The cell number of a particular cell type in a total cell population might indicate the physiological or pathological status of the cell smear/FNAC/tissue. ImageJ is a powerful open- source software extensively used for image assessment, including cell counting. In this chapter, the steps to count cells using ImageJ has been discussed. There are two ways to count the cells in a research image using ImageJ. A. Manual Counting Use the “Cell Counter” plugin or simply use the multipoint tool in ImageJ. Open it, select the cell type you want to count, and click on each cell in the image to tally them. Double-click on the multipoint tool. A separate window will open named point tool. One can select the type of marking, color and size of making (Figure 30). Keep clicking on the cell type to be counted. It will record the number of cells counted. If one wants to count the second cell type in the same image, change the counter number and select the size, color and type of click point.

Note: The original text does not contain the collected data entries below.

(* Let $w\in[k]^n$ and let $m$ be a positive integer. If $\mathrm{LT}(w)\geq m$, then $w$ contains monotone twins of length $m$.
   Context: $[k]=\{1,\dots,k\}$; $w[i]$ is the $i$-th letter of $w$. Two subsequences of $w$ are twins if they are equal as words and use disjoint sets of positions of $w$; $\mathrm{LT}(w)$ is the maximum length of twins in $w$. Twins $w_1,w_2$ of length $m$, occupying positions $p_1<\dots<p_m$ and $p_1'<\dots<p_m'$ of $w$ respectively, are monotone if $p_i<p_i'$ for all $i$ (the $i$-th letter of $w_1$ precedes the $i$-th letter of $w_2$ in $w$). *)

From mathcomp Require Import all_boot all_order.
Set Implicit Arguments. Unset Strict Implicit. Unset Printing Implicit Defensive.

(* A word w in [k]^n is a function 'I_n -> 'I_k (positions 0..n-1, letters
   0..k-1).  A subsequence of length m is given by its strictly increasing
   position map p : 'I_m -> 'I_n. *)

Definition incr_pos (n m : nat) (p : {ffun 'I_m -> 'I_n}) : bool :=
  [forall i : 'I_m, forall j : 'I_m, (i < j)%N ==> (p i < p j)%N].

Definition twins (k n m : nat) (w : 'I_n -> 'I_k)
  (p q : {ffun 'I_m -> 'I_n}) : bool :=
  [&& incr_pos p, incr_pos q,
      [forall i : 'I_m, w (p i) == w (q i)] &
      [forall i : 'I_m, forall j : 'I_m, p i != q j]].

Definition has_twins (k n m : nat) (w : 'I_n -> 'I_k) : bool :=
  [exists p : {ffun 'I_m -> 'I_n}, exists q : {ffun 'I_m -> 'I_n}, twins w p q].

(* LT(w): maximum length of twins in w (twins have length <= n/2 <= n). *)
Definition LT (k n : nat) (w : 'I_n -> 'I_k) : nat :=
  \max_(m < n.+1 | has_twins m w) m.

Definition monotone_twins (k n m : nat) (w : 'I_n -> 'I_k)
  (p q : {ffun 'I_m -> 'I_n}) : bool :=
  twins w p q && [forall i : 'I_m, (p i < q i)%N].

From mathcomp Require Import all_boot all_order.
From mathcomp Require Import zify.

Set Implicit Arguments.
Unset Strict Implicit.
Unset Printing Implicit Defensive.

(* Take twins of maximal length LT(w) >= m and keep their first m letters.
   Swapping the i-th positions of the two subsequences whenever the second
   comes first replaces them by their pointwise minimum and maximum: both are
   still strictly increasing, they spell the same word, and they use the same
   set of positions, so they are monotone twins. *)

Lemma incr_posP (n m : nat) (p : {ffun 'I_m -> 'I_n}) :
  reflect (forall i j : 'I_m, (i < j)%N -> (p i < p j)%N) (incr_pos p).
Proof.
apply: (iffP forallP) => [incr i j | incr i]; last first.
  by apply/forallP => j; apply/implyP; apply: incr.
by move/forallP/(_ j)/implyP: (incr i).
Qed.

Lemma incr_pos_inj (n m : nat) (p : {ffun 'I_m -> 'I_n}) :
  incr_pos p -> injective p.
Proof.
move/incr_posP=> incr i j pij.
by case: (ltngtP i j) => [/incr|/incr|/val_inj //]; rewrite pij ltnn.
Qed.

Lemma has_twins0 (k n : nat) (w : 'I_n -> 'I_k) : has_twins 0 w.
Proof.
pose e : {ffun 'I_0 -> 'I_n} := ffun0 (card_ord 0).
by apply/existsP; exists e; apply/existsP; exists e; apply/and4P; split;
  apply/forallP => -[].
Qed.

Lemma has_twins_LT (k n : nat) (w : 'I_n -> 'I_k) : has_twins (LT w) w.
Proof.
rewrite /LT (bigmax_eq_arg (ord0 : 'I_n.+1) (has_twins0 w)).
by case: arg_maxnP => [|M]; [exact: has_twins0 | ].
Qed.

Section Twins.

Variables (k n M : nat) (w : 'I_n -> 'I_k) (p q : {ffun 'I_M -> 'I_n}).
Hypothesis pq_twins : twins w p q.

Let p_incr : incr_pos p. Proof. by case/and4P: pq_twins. Qed.
Let q_incr : incr_pos q. Proof. by case/and4P: pq_twins. Qed.

Lemma twins_same_letter (i : 'I_M) : w (p i) = w (q i).
Proof. by case/and4P: pq_twins => _ _ /forallP/(_ i)/eqP. Qed.

Lemma twins_disjoint (i j : 'I_M) : p i != q j.
Proof. by case/and4P: pq_twins => _ _ _ /forallP/(_ i)/forallP/(_ j). Qed.

Lemma twins_take (m : nat) (le_mM : (m <= M)%N) :
  twins w [ffun i => p (widen_ord le_mM i)] [ffun i => q (widen_ord le_mM i)].
Proof.
apply/and4P; split.
- by apply/incr_posP => i j ij; rewrite !ffunE; apply: (incr_posP _ p_incr).
- by apply/incr_posP => i j ij; rewrite !ffunE; apply: (incr_posP _ q_incr).
- by apply/forallP => i; rewrite !ffunE twins_same_letter.
- by apply/forallP => i; apply/forallP => j; rewrite !ffunE twins_disjoint.
Qed.

Definition twins_lo : {ffun 'I_M -> 'I_n} :=
  [ffun i => if (p i < q i)%N then p i else q i].
Definition twins_hi : {ffun 'I_M -> 'I_n} :=
  [ffun i => if (p i < q i)%N then q i else p i].

Lemma twins_loE (i : 'I_M) : twins_lo i = minn (p i) (q i) :> nat.
Proof. by rewrite ffunE /minn; case: ifP. Qed.

Lemma twins_hiE (i : 'I_M) : twins_hi i = maxn (p i) (q i) :> nat.
Proof. by rewrite ffunE /maxn; case: ifP. Qed.

Lemma twins_sort : monotone_twins w twins_lo twins_hi.
Proof.
have pq_neq (i j : 'I_M) : (p i : nat) <> q j.
  by move=> /val_inj pq; move: (twins_disjoint i j); rewrite pq eqxx.
have lt_p := incr_posP _ p_incr; have lt_q := incr_posP _ q_incr.
apply/andP; split; last first.
  by apply/forallP => i; rewrite twins_loE twins_hiE; have := pq_neq i i; lia.
apply/and4P; split.
- apply/incr_posP => i j ij; rewrite !twins_loE.
  by have := lt_p i j ij; have := lt_q i j ij; lia.
- apply/incr_posP => i j ij; rewrite !twins_hiE.
  by have := lt_p i j ij; have := lt_q i j ij; lia.
- by apply/forallP => i; rewrite !ffunE; case: ifP; rewrite twins_same_letter.
- apply/forallP => i; apply/forallP => j; apply/eqP => /(congr1 (@nat_of_ord n)).
  rewrite twins_loE twins_hiE; have [<-|ij] := eqVneq i j.
    by have := pq_neq i i; lia.
  have p_ij : (p i : nat) <> p j by move/val_inj/(incr_pos_inj p_incr); apply/eqP.
  have q_ij : (q i : nat) <> q j by move/val_inj/(incr_pos_inj q_incr); apply/eqP.
  by have := pq_neq i j; have := pq_neq j i; lia.
Qed.

End Twins.

Theorem lemma17 (k n m : nat) (w : 'I_n -> 'I_k) :
  (0 < m)%N -> (m <= LT w)%N ->
  exists p q : {ffun 'I_m -> 'I_n}, monotone_twins w p q.
Proof.
move=> _ le_m_LT.
have /existsP[p /existsP[q pq_twins]] := has_twins_LT w.
have mq_twins := twins_take pq_twins le_m_LT.
by eexists; eexists; exact: twins_sort mq_twins.
Qed.
(* Let $p>1$ be an integer and let $u^{(p)}$ be the fixed point of the substitution $\varphi_p(L)=L^pS$, $\varphi_p(S)=M$, $\varphi_p(M)=L^{p-1}S$. For each $n\in\mathbb N$ there are numbers $s_n,m_n\in\mathbb N$ such that $\mathcal P_u(n)\subset\{\Psi^{(n)}_1,\dots,\Psi^{(n)}_9\}$, where $\Psi^{(n)}_1=(n-s_n-m_n+2,\ s_n-1,\ m_n-1)$, $\Psi^{(n)}_2=(n-s_n-m_n+1,\ s_n-1,\ m_n)$, $\Psi^{(n)}_3=(n-s_n-m_n,\ s_n-1,\ m_n+1)$, $\Psi^{(n)}_4=(n-s_n-m_n+1,\ s_n,\ m_n-1)$, $\Psi^{(n)}_5=(n-s_n-m_n,\ s_n,\ m_n)$, $\Psi^{(n)}_6=(n-s_n-m_n-1,\ s_n,\ m_n+1)$, $\Psi^{(n)}_7=(n-s_n-m_n,\ s_n+1,\ m_n-1)$, $\Psi^{(n)}_8=(n-s_n-m_n-1,\ s_n+1,\ m_n)$, $\Psi^{(n)}_9=(n-s_n-m_n-2,\ s_n+1,\ m_n+1)$. Consequently $\mathrm{AC}(n)\le 9$.
   Context: $u^{(p)}=\lim_{n\to\infty}\varphi_p^n(L)$ is the unique infinite word over $\{L,S,M\}$ fixed by $\varphi_p$. For a finite word $w$, its Parikh vector is $\Psi(w)=(|w|_L,|w|_S,|w|_M)$, where $|w|_a$ is the number of occurrences of $a$ in $w$. $\mathcal P_u(n)$ denotes the set of Parikh vectors of all factors of $u^{(p)}$ of length $n$, and the Abelian complexity is $\mathrm{AC}(n)=\#\mathcal P_u(n)$. *)

From mathcomp Require Import all_boot all_algebra.
Set Implicit Arguments. Unset Strict Implicit. Unset Printing Implicit Defensive.

Inductive letter := L | S | M.

Definition phi_letter (p : nat) (a : letter) : seq letter :=
  match a with
  | L => rcons (nseq p L) S
  | S => [:: M]
  | M => rcons (nseq p.-1 L) S
  end.

Definition phi (p : nat) (w : seq letter) : seq letter :=
  flatten (map (phi_letter p) w).

(* u^(p) = lim phi_p^n(L): the i-th letter is read in phi_p^(i+1)(L), which
   has length > i and is a prefix of all further iterates *)
Definition u (p : nat) (i : nat) : letter :=
  nth L (iter i.+1 (phi p) [:: L]) i.

Definition factor (p i n : nat) : seq letter := mkseq (fun k => u p (i + k)) n.

Definition isL (a : letter) : bool := if a is L then true else false.
Definition isS (a : letter) : bool := if a is S then true else false.
Definition isM (a : letter) : bool := if a is M then true else false.

Definition parikh (w : seq letter) : int * int * int :=
  (Posz (count isL w), Posz (count isS w), Posz (count isM w)).

Definition Pu (p n : nat) (v : int * int * int) : Prop :=
  exists i, parikh (factor p i n) = v.

(* #A <= k for a (Prop) set A : A is covered by a list of at most k elements *)
Definition card_le (T : eqType) (A : T -> Prop) (k : nat) : Prop :=
  exists s : seq T, (size s <= k)%N /\ forall x, A x -> x \in s.

Local Open Scope ring_scope.

Definition Psi_list (n s m : nat) : seq (int * int * int) :=
  let N := Posz n in let s := Posz s in let m := Posz m in
  [:: (N - s - m + 2, s - 1, m - 1);
      (N - s - m + 1, s - 1, m);
      (N - s - m,     s - 1, m + 1);
      (N - s - m + 1, s,     m - 1);
      (N - s - m,     s,     m);
      (N - s - m - 1, s,     m + 1);
      (N - s - m,     s + 1, m - 1);
      (N - s - m - 1, s + 1, m);
      (N - s - m - 2, s + 1, m + 1)].

(* The S-counts of factors of u of the same length differ by at most 2, and so do the
   M-counts; the counts therefore lie in windows {s-1, s, s+1} and {m-1, m, m+1}, which
   gives the nine vectors.

   Compare two factors w, w' whose lengths differ by at most 4 through their state: the
   differences of their lengths, S-counts and M-counts, their first letters and the letters
   following them. Every image phi_p(a) is a run of L's closed by one other letter, so w is
   phi_p(v) for a factor v of u, with a run of L's cut at the front and a run of L's added at
   the back. Hence the state of (w, w') is an explicit function of the state of the shorter
   pair (v, v') and of the cut positions, which range over intervals linear in p. The states
   reachable from pairs of factors of length at most 2 are computed exhaustively, once for
   p = 2 and once uniformly for all p >= 3; they stay bounded, they never allow |v| - |v'| > 4
   while |w| - |w'| <= 4, and their count differences are at most 2 when the lengths agree. *)

From Stdlib Require Import ZArith MSetPositive Classical.
From HB Require Import structures.
From mathcomp Require Import all_boot all_algebra zify ssrZ.

Set Implicit Arguments. Unset Strict Implicit. Unset Printing Implicit Defensive.

Definition letter_index (a : letter) : nat := match a with L => 0 | S => 1 | M => 2 end.

Lemma letter_index_inj : injective letter_index.
Proof. by case; case. Qed.

HB.instance Definition _ := hasDecEq.Build letter (inj_eqAxiom letter_index_inj).

Lemma all_flatten_map (T T' : Type) (P : pred T') (f : T -> seq T') (s : seq T) :
  all P (flatten (map f s)) = all (fun x => all P (f x)) s.
Proof. by elim: s => //= x s IH; rewrite all_cat IH. Qed.

Lemma nth_rcons_nseq (T : Type) (x0 x : T) m r :
  r <= m -> nth x0 (rcons (nseq m x0) x) r = if r == m then x else x0.
Proof. by rewrite nth_rcons size_nseq nth_nseq; case: ltngtP. Qed.

Section Factors.
Variable p : nat.

Lemma size_factor i n : size (factor p i n) = n.
Proof. exact: size_mkseq. Qed.

Lemma nth_factor i n k : k < n -> nth L (factor p i n) k = u p (i + k).
Proof. exact: nth_mkseq. Qed.

Lemma factor_cat i m n : factor p i (m + n) = factor p i m ++ factor p (i + m) n.
Proof.
rewrite /factor /mkseq iotaD map_cat add0n -{2}(addn0 m) iotaDl -map_comp.
by congr (_ ++ _); apply: eq_map => k /=; rewrite addnA.
Qed.

Lemma factor1 i : factor p i 1 = [:: u p i].
Proof. by rewrite /factor /mkseq /= addn0. Qed.

Lemma factor_cons i n : factor p i n.+1 = u p i :: factor p i.+1 n.
Proof. by rewrite -add1n factor_cat factor1 addn1. Qed.

Lemma factor_take i m n : m <= n -> factor p i m = take m (factor p i n).
Proof. by move/subnKC <-; rewrite factor_cat take_size_cat ?size_factor. Qed.

End Factors.

Section Substitution.
Variable p : nat.
Hypothesis p_gt0 : 0 < p.

Lemma phi_cat s1 s2 : phi p (s1 ++ s2) = phi p s1 ++ phi p s2.
Proof. by rewrite /phi map_cat flatten_cat. Qed.

Lemma phi_cons a s : phi p (a :: s) = phi_letter p a ++ phi p s.
Proof. by []. Qed.

Lemma phi_seq1 a : phi p [:: a] = phi_letter p a.
Proof. exact: cats0. Qed.

Lemma size_phi_letter a :
  size (phi_letter p a) = match a with L => p.+1 | S => 1 | M => p end.
Proof. by case: a => //=; rewrite size_rcons size_nseq // prednK. Qed.

Lemma size_phi_letter_gt0 a : 0 < size (phi_letter p a).
Proof. by rewrite size_phi_letter; case: a. Qed.

Lemma phi_letter_rcons a :
  phi_letter p a = rcons (nseq (size (phi_letter p a)).-1 L) (if a is S then M else S).
Proof. by case: a => //=; rewrite size_rcons size_nseq. Qed.

Lemma nth_phi_letter a r : r < size (phi_letter p a) ->
  nth L (phi_letter p a) r = if r.+1 == size (phi_letter p a) then (if a is S then M else S) else L.
Proof.
rewrite -(prednK (size_phi_letter_gt0 a)) ltnS eqSS => hr.
by rewrite {1}phi_letter_rcons nth_rcons_nseq.
Qed.

Lemma take_phi_letter a r : r < size (phi_letter p a) -> take r (phi_letter p a) = nseq r L.
Proof.
rewrite -(prednK (size_phi_letter_gt0 a)) ltnS => hr.
by rewrite phi_letter_rcons -cats1 takel_cat ?size_nseq // take_nseq.
Qed.

Lemma leq_size_phi s : size s <= size (phi p s).
Proof. by elim: s => //= a s IH; rewrite phi_cons size_cat -add1n leq_add ?size_phi_letter_gt0. Qed.

Definition iterL k := iter k (phi p) [:: L].

Lemma iterL_prefixS k : exists s, iterL k.+1 = iterL k ++ s.
Proof.
elim: k => [|k [s IH]].
  by exists (rcons (nseq p.-1 L) S); rewrite /iterL /= phi_seq1 /= -{1}(prednK p_gt0).
by exists (phi p s); rewrite [iterL k.+2]/iterL iterS -/(iterL k.+1) {1}IH phi_cat.
Qed.

Lemma iterL_prefix k k' : k <= k' -> exists s, iterL k' = iterL k ++ s.
Proof.
move/subnKC <-; elim: (k' - k) => [|d [s IH]]; first by exists [::]; rewrite addn0 cats0.
have [s' E] := iterL_prefixS (k + d).
by exists (s ++ s'); rewrite addnS E IH catA.
Qed.

Lemma size_iterL k : k < size (iterL k).
Proof.
elim: k => // k IH; have [s Es] := iterL_prefix (leq0n k).
rewrite /iterL iterS -/(iterL k) Es /= phi_cons size_cat size_phi_letter.
by move: IH; rewrite Es /=; have := leq_size_phi s; lia.
Qed.

Lemma nth_iterL k i : i < size (iterL k) -> nth L (iterL k) i = u p i.
Proof.
move=> hi; rewrite /u -/(iterL i.+1).
have [s1 E1] := iterL_prefix (leq_maxl k i.+1).
have [s2 E2] := iterL_prefix (leq_maxr k i.+1).
have hi' : i < size (iterL i.+1) by apply: ltn_trans (size_iterL i.+1).
by have := nth_cat L (iterL k) s1 i; rewrite hi -E1 E2 nth_cat hi' => <-.
Qed.

Lemma factor_iterL k : factor p 0 (size (iterL k)) = iterL k.
Proof.
apply: (@eq_from_nth _ L); rewrite size_factor // => i hi.
by rewrite nth_factor // nth_iterL.
Qed.

(* As u is a fixed point of phi_p, the image of u_j starts at this position of u. *)
Definition image_pos j := size (phi p (factor p 0 j)).

Lemma factor0_image_pos j : factor p 0 (image_pos j) = phi p (factor p 0 j).
Proof.
have hj : j <= size (iterL j) by apply: ltnW (size_iterL j).
have E : iterL j.+1 = phi p (take j (iterL j)) ++ phi p (drop j (iterL j)).
  by rewrite -phi_cat cat_take_drop.
rewrite /image_pos (factor_take _ _ hj) factor_iterL.
rewrite (factor_take _ _ (n := size (iterL j.+1))); last by rewrite E size_cat leq_addr.
by rewrite factor_iterL E take_size_cat.
Qed.

Lemma image_pos_add j m : image_pos (j + m) = image_pos j + size (phi p (factor p j m)).
Proof. by rewrite /image_pos factor_cat phi_cat size_cat add0n. Qed.

Lemma image_posS j : image_pos j.+1 = image_pos j + size (phi_letter p (u p j)).
Proof. by rewrite -addn1 image_pos_add factor1 phi_seq1. Qed.

Lemma factor_image_pos j m :
  factor p (image_pos j) (size (phi p (factor p j m))) = phi p (factor p j m).
Proof.
have := factor0_image_pos (j + m); rewrite image_pos_add factor_cat add0n.
rewrite factor0_image_pos factor_cat phi_cat add0n.
by move/(congr1 (drop (size (phi p (factor p 0 j))))); rewrite !drop_size_cat.
Qed.

Lemma factor_image_pos_nseq j r : r < size (phi_letter p (u p j)) ->
  factor p (image_pos j) r = nseq r L.
Proof.
move=> hr; rewrite -(take_phi_letter hr) (factor_take _ _ (ltnW hr)).
by have := factor_image_pos j 1; rewrite factor1 phi_seq1 => ->.
Qed.
Lemma embed_surj w : w < n -> exists x, g x = w.
Proof.
rewrite -mem_iota0 -(perm_mem perm_map_enum) => /mapP [x _ ->].
by exists x.
Qed.

Lemma deg_embed x : deg e x = count (En (g x)) (iota 0 n).
Proof.
rewrite /deg cardE /enum_mem size_filter -(permP perm_map_enum) [RHS]count_map enumT.
by apply: eq_count => y; rewrite /= inE eE.
Qed.

Lemma deg_leqb_embed d : maxdeg e <= d -> deg_leqb n d En.
Proof.
move=> maxdeg_d; apply/allP => _ /[!mem_iota0] /embed_surj [x <-].
by rewrite -deg_embed (leq_trans _ maxdeg_d) // (@leq_bigmax _ (deg e)).
Qed.

Lemma path_ball a s : path e a s -> g (last a s) \in ball n En (size s) (g a).
Proof.
elim/last_ind: s => [|s b IHs]; first by rewrite inE.
rewrite rcons_path last_rcons size_rcons => /andP [/IHs in_ball eab].
rewrite mem_ballS g_lt /=; apply/orP; right; apply/hasP.
by exists (g (last a s)); rewrite // -eE.
Qed.

Lemma diam_leb_embed d : diam_le e d -> diam_leb n d En.
Proof.
move=> diam_d; apply/diam_lebP => _ _ /embed_surj [a <-] /embed_surj [b <-].
have [s [size_s path_s <-]] := diam_d a b.
exact: ball_leq size_s (path_ball path_s).
Qed.

Lemma mem_cnbhd_embed x y : (y \in cnbhd e x) = cnbr En (g x) (g y).
Proof. by rewrite /cnbhd inE eE /cnbr (inj_eq g_inj). Qed.

Lemma idcode_embed L : idcode_on n En L -> idcodeb e [set x | g x \in L].
Proof.
case/andP => /allP dom /allP sep; apply/andP; split; apply/forallP => x.
  have := dom (g x); rewrite mem_iota0 => /(_ (g_lt x)) /hasP [w /[!mem_iota0]].
  move=> /embed_surj [y <-] /andP [yL xy].
  by apply/set0Pn; exists y; rewrite in_setI mem_cnbhd_embed xy inE yL.
apply/forallP => y; apply/implyP => xy.
have := sep (g x); rewrite mem_iota0 => /(_ (g_lt x)) /allP /(_ (g y)).
rewrite mem_iota0 (inj_eq g_inj) (negbTE xy) => /(_ (g_lt y)) /hasP [w /[!mem_iota0]].
move=> /embed_surj [z <-] /andP [zL Nxy]; apply: contra_neq Nxy => Nxy.
have := congr1 (fun A : {set T} => z \in A) Nxy.
by rewrite /= !in_setI !mem_cnbhd_embed inE zL !andbT.
Qed.

Lemma card_preim_embed (L : seq nat) : #|[set x | g x \in L]| <= size L.
Proof.
rewrite cardE -(size_map g); apply: uniq_leq_size; first by rewrite map_inj_uniq ?enum_uniq.
by move=> w /mapP [x]; rewrite mem_enum inE => xL ->.
Qed.

Lemma independent_compl_idcode (C : {set T}) (cs : seq (seq nat)) :
  idcodeb e C -> {subset cs <= id_constraints n En} ->
  independent cs [seq g x | x <- enum (~: C)].
Proof.
case/andP => /forallP dom /forallP sep sub_cs.
have mem_compl y : (g y \in [seq g x | x <- enum (~: C)]) = (y \notin C).
  by rewrite mem_map // mem_enum inE.
apply/allP => c /sub_cs; rewrite mem_cat => /orP [|].
  case/mapP => v /[!mem_iota0] /embed_surj [x <-] ->; apply/negP => /allP c_out.
  have /set0Pn [y] := dom x; rewrite inE => /andP [xy yC].
  have : g y \in [seq w <- iota 0 n | cnbr En (g x) w].
    by rewrite mem_filter mem_iota0 g_lt -mem_cnbhd_embed xy.
  by move/c_out; rewrite mem_compl yC.
case/allpairsPdep => u [v [/[!mem_iota0] /embed_surj [a <-] + ->]].
rewrite mem_filter mem_iota0 => /andP [ab /embed_surj [b gb]].
move: ab; rewrite -gb (inj_eq g_inj) => ab.
apply/negP => /allP c_out; have /forallP /(_ b) /implyP /(_ ab) /eqP := sep a; apply.
apply/setP => y; rewrite !in_setI !mem_cnbhd_embed.
case yC: (y \in C); rewrite ?andbF ?andbT //; apply/eqP; apply: contraT => Nab.
have : g y \in [seq w <- iota 0 n | cnbr En (g a) w != cnbr En (g b) w].
  by rewrite mem_filter mem_iota0 g_lt Nab.
by move/c_out; rewrite mem_compl yC.
Qed.

Lemma idcode_card_gt (cs : seq (seq nat)) k (C : {set T}) :
  {subset cs <= id_constraints n En} ->
  no_independent_subset cs k [::] (iota 0 n) -> idcodeb e C -> n < k + #|C|.
Proof.
move=> sub_cs search C_id; have indep_out := independent_compl_idcode C_id sub_cs.
have out_uniq : uniq [seq g x | x <- enum (~: C)] by rewrite map_inj_uniq ?enum_uniq.
have size_out : size [seq g x | x <- enum (~: C)] = n - #|C|.
  by rewrite size_map -cardE -card_T -(cardsC C); lia.
rewrite ltnNge; apply: contraL indep_out => small_k.
rewrite -[X in independent _ X]cats0.
apply: no_independent_subset_sound search _ out_uniq _ _.
  by move=> _ /mapP [x _ ->]; rewrite mem_iota0.
by rewrite size_out; lia.
Qed.

End Embedding.

Lemma gammaID_eq (T : finType) (e : rel T) m :
  (exists2 C, idcodeb e C & #|C| <= m) -> (forall C, idcodeb e C -> m <= #|C|) ->
  gammaID e = m.
Proof.
case=> C1 C1_id C1_small min_m; rewrite /gammaID; case: pickP => [C0 C0_id | no_code].
  case: arg_minnP => // C C_id C_min.
  by apply/eqP; rewrite eqn_leq min_m // andbT (leq_trans (C_min _ C1_id)).
by have := no_code C1; rewrite C1_id.
Qed.

Lemma appended_3star_rep (T : finType) (e : rel T) :
  appended_3star e -> maxdeg e = 3 -> diam_le e 6 ->
  exists (r : seq nat) (g : T -> nat),
    [/\ r \in app3_reps, injective g, forall x, g x < app3_order r,
        #|T| = app3_order r & forall x y, e x y = app3_edge r (g x) (g y)].
Proof.
case=> vs [valid [card_T [f [f_inj f_lt fE]]]] maxdeg3 diam6.
have adm : app3_admissible vs.
  rewrite app3_admissibleE (deg_leqb_embed f_inj f_lt card_T fE) ?maxdeg3 //.
  exact: (diam_leb_embed f_inj f_lt card_T fE).
have [r [s [Hr size_r [s_lt s_inj sE]]]] := app3_classify valid adm.
have order_r : app3_order r = app3_order vs by rewrite /app3_order size_r.
exists r, (s \o f); split => //; rewrite ?order_r //.
- by move=> x y /(s_inj _ _ (f_lt x) (f_lt y)) /f_inj.
- by move=> x; apply: s_lt.
- by move=> x y; rewrite fE sE.
Qed.

Lemma gammaID_app3_rep (T : finType) (e : rel T) (r : seq nat) (g : T -> nat) :
  r \in app3_reps -> injective g -> (forall x, g x < app3_order r) ->
  #|T| = app3_order r -> (forall x y, e x y = app3_edge r (g x) (g y)) ->
  gammaID e = 2 * size r + 3.
Proof.
move=> Hr g_inj g_lt card_T eE.
case/and3P: (allP app3_gamma_certs r Hr) => code_ok /eqP size_code search_ok.
apply: gammaID_eq.
  exists [set x | g x \in app3_noncentres r]; first exact: idcode_embed code_ok.
  by rewrite -size_code card_preim_embed.
move=> C C_id.
have := idcode_card_gt g_inj g_lt card_T eE (@minimal_sets_sub _) search_ok C_id.
by rewrite /app3_order; lia.
Qed.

Measuring cell size, diameter, length, distance between cells, area, etc, are important indicators of the identification of cell types and the physiological or pathological state of cells and tissues. ImageJ is a useful program that allows researchers and scientists to work with microscopy images for cytomorphological detailing. The steps to measure cell size are: A. Open Your Image in ImageJ: First, open the image containing the cells you want to measure. B. Set the Scale (Optional): If your image has a known scale (e.g., if you used a microscope with a calibrated scale bar), you can set it inImageJ. This step ensures accurate measurements. Go to Analyze > Set Scale. Enter the known distance (in pixels) and the corresponding physical distance (e.g., micrometers). Click OK. C. Choose the Measurement Tool: ImageJ provides several measurement tools. The most common ones for cell size are: Area Measurement: Use the Polygon Selection Tool to outline the cell, and then go to Analyze > Measure. D. Length Measurement: Use the Straight-Line Selection Tool to measure the length of cell projections (e.g., neurites or filopodia). E. Record Measurements: After selecting the appropriate tool, click and drag to measure the cell area or length. Press’ t’ to record the measurement. Repeat for multiple cells if needed. F. View Results: The measured values will appear in the Results window. You can access the results by going to Analyze > Measure or by opening the Results window directly.